To no particular surprise, we can see that language comes out on top, followed closely by stars, name and commits. What is interesting however is that the topic parameter placed in the top 10, in spite of being a relatively new addition to the dataset. This could be an indication that the feature is being well received by the users. On the flipside, exact match parameters such as label and license have seen significantly less use. This is most likely due to the fact that there is currently no way to specify multiple values for a single query, which in my humble opinion is a feature we should consider prioritizing in the future.

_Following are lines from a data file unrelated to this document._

(* For any positive integer $g$, the number of numerical semigroups $\Lambda$ with genus $g$ satisfying $f(\Lambda) < 2 m(\Lambda)$ is $F_{g+1}$.
   Context: A numerical semigroup is a subset $\Lambda\subseteq\mathbb{N}_0$ closed under addition, containing $0$, with finite complement in $\mathbb{N}_0$. Its genus is $|\mathbb{N}_0\setminus\Lambda|$, its multiplicity $m(\Lambda)$ is its smallest nonzero element, and its Frobenius number $f(\Lambda)$ is the largest element of $\mathbb{N}_0\setminus\Lambda$. $F_n$ are the Fibonacci numbers: $F_1=F_2=1$, $F_{n+2}=F_{n+1}+F_n$. *)

From mathcomp Require Import all_boot.
From mathcomp Require Import boolp classical_sets cardinality.
Set Implicit Arguments. Unset Strict Implicit. Unset Printing Implicit Defensive.
Local Open Scope classical_set_scope.
Local Open Scope card_scope.

Fixpoint fib (n : nat) : nat :=
  match n with
  | 0 => 0
  | 1 => 1
  | (m.+1 as n').+1 => fib n' + fib m
  end.

Definition numerical_semigroup (L : set nat) : Prop :=
  L 0 /\ (forall x y, L x -> L y -> L (x + y)) /\ finite_set (~` L).

Definition has_genus (L : set nat) (g : nat) : Prop := (~` L) #= `I_g.

Definition is_multiplicity (L : set nat) (m : nat) : Prop :=
  (0 < m)%N /\ L m /\ (forall k, (0 < k)%N -> (k < m)%N -> ~ L k).

Definition is_frobenius (L : set nat) (f : nat) : Prop :=
  ~ L f /\ (forall k, (f < k)%N -> L k).

From mathcomp Require Import all_boot.
From mathcomp Require Import boolp classical_sets cardinality.
From mathcomp Require Import zify.

Set Implicit Arguments.
Unset Strict Implicit.
Unset Printing Implicit Defensive.

Local Open Scope classical_set_scope.
Local Open Scope card_scope.

(* If f < 2m, every sum of two nonzero elements is >= 2m > f, so the
   semigroup is determined by m and by an arbitrary choice of which of
   m + 1, ..., 2m - 1 it contains.  Coding that choice by a bit sequence of
   length m - 1, the genus is (m - 1) + #(excluded elements), i.e. the sum of
   weights 1 per included and 2 per excluded element.  Bit sequences of
   weight g are compositions of g into parts 1 and 2, counted by F_(g+1). *)

Definition weight (s : seq bool) : nat := (size s + count negb s)%N.

Lemma weight_cons b s : weight (b :: s) = (weight s + (if b then 1 else 2))%N.
Proof. by rewrite /weight /=; case: b => /=; lia. Qed.

Lemma weight_eq0 s : weight s = 0%N -> s = [::].
Proof. by case: s => // b s; rewrite weight_cons; case: b; lia. Qed.

Fixpoint enum_weight (n : nat) : seq (seq bool) :=
  match n with
  | 0 => [:: [::]]
  | 1 => [:: [:: true]]
  | (k.+1 as n').+1 =>
      map (cons true) (enum_weight n') ++ map (cons false) (enum_weight k)
  end.

Lemma cons_inj (T : Type) (x : T) : injective (cons x).
Proof. by move=> s t [->]. Qed.
Arguments cons_inj {T} x.

Lemma cons_notin_map_cons (T : eqType) (b c : T) s (t : seq (seq T)) :
  b != c -> (b :: s \in map (cons c) t) = false.
Proof. by move=> bc; apply/mapP => -[x _ [eb _]]; rewrite eb eqxx in bc. Qed.

Lemma mem_enum_weight s n : (s \in enum_weight n) = (weight s == n).
Proof.
elim: s n => [|b s IH] [|[|n]] //=.
- by rewrite mem_cat; apply/negP => /orP[] /mapP[].
- rewrite inE weight_cons; case: b; last by rewrite eqseq_cons addn2.
  apply/eqP/eqP => [[->] //|]; rewrite addn1 => -[/weight_eq0 ->] //.
- rewrite -/(enum_weight n.+1) mem_cat weight_cons; case: b.
    by rewrite (mem_map (cons_inj _)) cons_notin_map_cons // orbF IH; apply/eqP/eqP; lia.
  by rewrite (mem_map (cons_inj _)) cons_notin_map_cons // IH; apply/eqP/eqP; lia.
Qed.

Lemma enum_weight_uniq n : uniq (enum_weight n).
Proof.
elim/ltn_ind: n => -[|[|n]] IH //=.
rewrite -/(enum_weight n.+1) cat_uniq !(map_inj_uniq (cons_inj _)) !IH //= andbT.
by apply/hasPn => _ /mapP[s _ ->]; rewrite cons_notin_map_cons.
Qed.

Lemma size_enum_weight n : size (enum_weight n) = fib n.+1.
Proof.
elim/ltn_ind: n => -[|[|n]] IH //.
by rewrite /= -/(enum_weight n.+1) size_cat !size_map !IH.
Qed.

Lemma card_uniq_seq (T : eqType) (t : seq T) : uniq t -> [set` t] #= `I_(size t).
Proof.
move=> t_uniq; apply/card_set_bijP; exists (index^~ t); split.
- by move=> x /= xt; rewrite /= index_mem.
- by move=> x y /[!in_setE] /= xt yt; apply: index_inj.
- move=> k /= kt; have [x0 _] : exists x0 : T, True by case: t kt {t_uniq} => // x.
  by exists (nth x0 t k); rewrite /= ?mem_nth // index_uniq.
Qed.

(* [sgseq s] has multiplicity m := size s + 1, contains m + 1 + i iff s_i,
   and contains every n >= 2m. *)
Definition sgseq (s : seq bool) (n : nat) : bool :=
  [|| n == 0, n == (size s).+1,
      ((size s).+1 < n < 2 * (size s).+1) && nth false s (n - (size s).+2)
    | 2 * (size s).+1 <= n]%N.

Section SemigroupOfSeq.

Variable s : seq bool.

Lemma sgseq0 : sgseq s 0. Proof. by []. Qed.

Lemma sgseq_mult : sgseq s (size s).+1.
Proof. by rewrite /sgseq eqxx orbT. Qed.

Lemma sgseq_large n : (2 * (size s).+1 <= n)%N -> sgseq s n.
Proof. by move=> n_large; rewrite /sgseq n_large !orbT. Qed.

Lemma sgseq_small n : (0 < n)%N -> (n <= size s)%N -> sgseq s n = false.
Proof.
move=> n0 n_small; apply/negbTE; rewrite /sgseq !negb_or negb_and.
by apply/and4P; split; lia.
Qed.

Lemma sgseq_mid i : (i < size s)%N -> sgseq s ((size s).+2 + i) = nth false s i.
Proof.
move=> i_lt; rewrite /sgseq addKn.
have -> : ((size s).+2 + i == 0) = false by lia.
have -> : ((size s).+2 + i == (size s).+1) = false by lia.
have -> : ((size s).+1 < (size s).+2 + i < 2 * (size s).+1)%N by lia.
have -> : (2 * (size s).+1 <= (size s).+2 + i)%N = false by lia.
by rewrite orbF.
Qed.

Lemma sgseq_gap_lt n : ~~ sgseq s n -> (n < 2 * (size s).+1)%N.
Proof. by case: leqP => // n_large; rewrite sgseq_large. Qed.

Lemma sgseq_gt n : (0 < n)%N -> sgseq s n -> (size s < n)%N.
Proof. by move=> n0; case: leqP => // n_small; rewrite sgseq_small. Qed.

Lemma sgseq_add x y : sgseq s x -> sgseq s y -> sgseq s (x + y).
Proof.
case: (posnP x) => [-> //|x0]; case: (posnP y) => [-> ?|y0]; first by rewrite addn0.
move=> /(sgseq_gt x0) x_gt /(sgseq_gt y0) y_gt; apply: sgseq_large; lia.
Qed.

Definition gaps := [seq n <- iota 1 (2 * (size s).+1) | ~~ sgseq s n].

Lemma mem_gaps n : (n \in gaps) = ~~ sgseq s n.
Proof.
rewrite mem_filter mem_iota andbC; case: (boolP (sgseq s n)) => [_|gap].
  by rewrite andbF.
have n0 : n != 0 by apply: contraNneq gap => ->.
by have := sgseq_gap_lt gap; rewrite andbT; lia.
Qed.

Lemma size_gaps : size gaps = weight s.
Proof.
rewrite size_filter (_ : 2 * (size s).+1 = size s + 1 + size s + 1)%N; last by lia.
rewrite !iotaD !count_cat /= sgseq_mult sgseq_large /=; last by lia.
rewrite (@eq_in_count _ _ predT (iota 1 (size s))); last first.
  by move=> n /[!mem_iota] n_lt /=; rewrite sgseq_small //; lia.
rewrite count_predT size_iota (_ : (1 + (size s + 1) = (size s).+2 + 0)%N); last by lia.
rewrite iotaDl count_map (@eq_in_count _ _ (negb \o nth false s)); last first.
  by move=> i /[!mem_iota] i_lt /=; rewrite sgseq_mid //; lia.
by rewrite -count_map -/(mkseq _ _) mkseq_nth /weight; lia.
Qed.

Lemma genus_sgseq : has_genus [set n | sgseq s n] (weight s).
Proof.
rewrite /has_genus -size_gaps (_ : ~` _ = [set` gaps]).
  exact/card_uniq_seq/filter_uniq/iota_uniq.
by apply/seteqP; split => n /=; rewrite mem_gaps => /negP.
Qed.

Lemma numerical_semigroup_sgseq : numerical_semigroup [set n | sgseq s n].
Proof.
split; [exact: sgseq0 | split; first exact: sgseq_add].
by exists (weight s); exact: genus_sgseq.
Qed.

Lemma sgseq_frobenius_lt : s != [::] ->
  exists m f, is_multiplicity [set n | sgseq s n] m /\
              is_frobenius [set n | sgseq s n] f /\ (f < 2 * m)%N.
Proof.
rewrite -size_eq0 -lt0n => size_gt0.
have has_gap : exists n, ~~ sgseq s n by exists 1%N; rewrite sgseq_small.
have [f gap_f f_max] := ex_maxnP has_gap (fun n gap => ltnW (sgseq_gap_lt gap)).
exists (size s).+1, f; split; [|split].
- by split=> //; split=> [|k k0 k_lt /=]; [exact: sgseq_mult | rewrite sgseq_small].
- split=> [|k f_lt]; first exact/negP.
  by apply/negbNE/negP => /f_max; lia.
- exact: sgseq_gap_lt.
Qed.

End SemigroupOfSeq.

Lemma sgseq_inj s t : [set n | sgseq s n] = [set n | sgseq t n] -> s = t.
Proof.
move=> /seteqP[st ts]; have E n : sgseq s n = sgseq t n by apply/idP/idP => [/st|/ts].
have size_st : size s = size t.
  case: (ltngtP (size s) (size t)) => // lt.
    by have := E (size s).+1; rewrite sgseq_mult sgseq_small.
  by have := E (size t).+1; rewrite sgseq_mult sgseq_small.
apply: (eq_from_nth (x0 := false) size_st) => i i_lt.
by rewrite -sgseq_mid // E size_st sgseq_mid // -size_st.
Qed.

Lemma frobenius_lt_sgseq L m f : L 0 -> is_multiplicity L m -> is_frobenius L f ->
  (f < 2 * m)%N -> exists s, L = [set n | sgseq s n].
Proof.
move=> L0 [m0 [Lm below_m]] [_ above_f] f_lt.
pose s := mkseq (fun i => `[< L (m.+1 + i) >]) m.-1.
have size_s : (size s).+1 = m by rewrite size_mkseq; lia.
have L_sgseq n : L n <-> sgseq s n.
  case: (posnP n) => [->|n0]; first by split=> _; [exact: sgseq0 | exact: L0].
  case: (ltngtP n m) => [n_lt|m_lt|->]; last by split=> _ //; rewrite -{1}size_s sgseq_mult.
    by rewrite sgseq_small; [split=> // /(below_m n n0 n_lt) | | lia].
  case: (ltnP n (2 * m)) => [n_lt|n_ge].
    have n_mid : n = ((size s).+2 + (n - m.+1))%N by lia.
    by rewrite {2}n_mid sgseq_mid ?nth_mkseq ?subnKC ?asboolE //; lia.
  by split=> _; [apply: sgseq_large; lia | apply: above_f; lia].
by exists s; apply/seteqP; split=> n /L_sgseq.
Qed.

Theorem proposition2p3 (g : nat) : (0 < g)%N ->
  [set L : set nat | numerical_semigroup L /\ has_genus L g /\
     exists m f, is_multiplicity L m /\ is_frobenius L f /\ (f < 2 * m)%N]
  #= `I_(fib g.+1).
Proof.
move=> g_gt0.
set S := [set L | _].
have -> : S = (fun s => [set n | sgseq s n]) @` [set` enum_weight g].
  apply/seteqP; split=> [L [sgL [genusL [m [f [multL [frobL f_lt]]]]]]|L [s]].
    have [s eqL] := frobenius_lt_sgseq sgL.1 multL frobL f_lt.
    exists s => //=; rewrite mem_enum_weight; apply/eqP/card_eq_II.
    by apply: card_eq_trans (card_esym _) genusL; rewrite eqL; exact: genus_sgseq.
  rewrite /= mem_enum_weight => /eqP ws <-; rewrite /S -ws.
  split; [exact: numerical_semigroup_sgseq | split; first exact: genus_sgseq].
  by apply: sgseq_frobenius_lt; apply: contraTneq g_gt0 => s_nil; rewrite -ws s_nil.
rewrite -size_enum_weight; apply: card_eq_trans (card_uniq_seq (enum_weight_uniq g)).
by apply: inj_card_eq => s t _ _; exact: sgseq_inj.
Qed.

Given that the language parameter is the most popular, it would be interesting to see which languages users search for the most. To do this, we can extract the language parameter values and calculate their distribution:

def get_languages(query: dict):
  if "language" in query:
    first, = query["language"]
    return first.lower()
  return None

query_parameter_language = df["query"].map(get_languages).dropna()
query_parameter_language_count = get_top_n(query_parameter_language, 4)
figure(figsize=figsize)
pie(query_parameter_language_count["count"], labels=query_parameter_language_count.index, autopct=autopct)
show()

_images/84889d370f80a2e88b06b57281468b00c3acd52ce562ea1833804326228995f7.png

As was expected, Java, Python and JavaScript, the three of the most popular programming languages in the world constitute a cumulative 70% of language-specific searches. While looking at the top does not reveal anything particularly surprising, it’s at the very bottom where some new insights are obtained:

least_popular_languages = query_parameter_language.value_counts().tail()
least_popular_languages_names = list(least_popular_languages.keys())
Markdown("\n".join([f"- {item}" for item in least_popular_languages_names]))

dart, kotlin
haskell
c/c++
npm
lua

The first thing that stands out is the fact that Lua and Haskell were both queried. Although we do not mine these languages, it’s worth considering adding them to the list of future targets. The second thing that stands out is the fact that dart, kotlin and c/c++ were search terms. Echoing the sentiment from the previous section, it’s worth considering adding the ability to search for multiple languages at once, allowing sampling on a set of languages.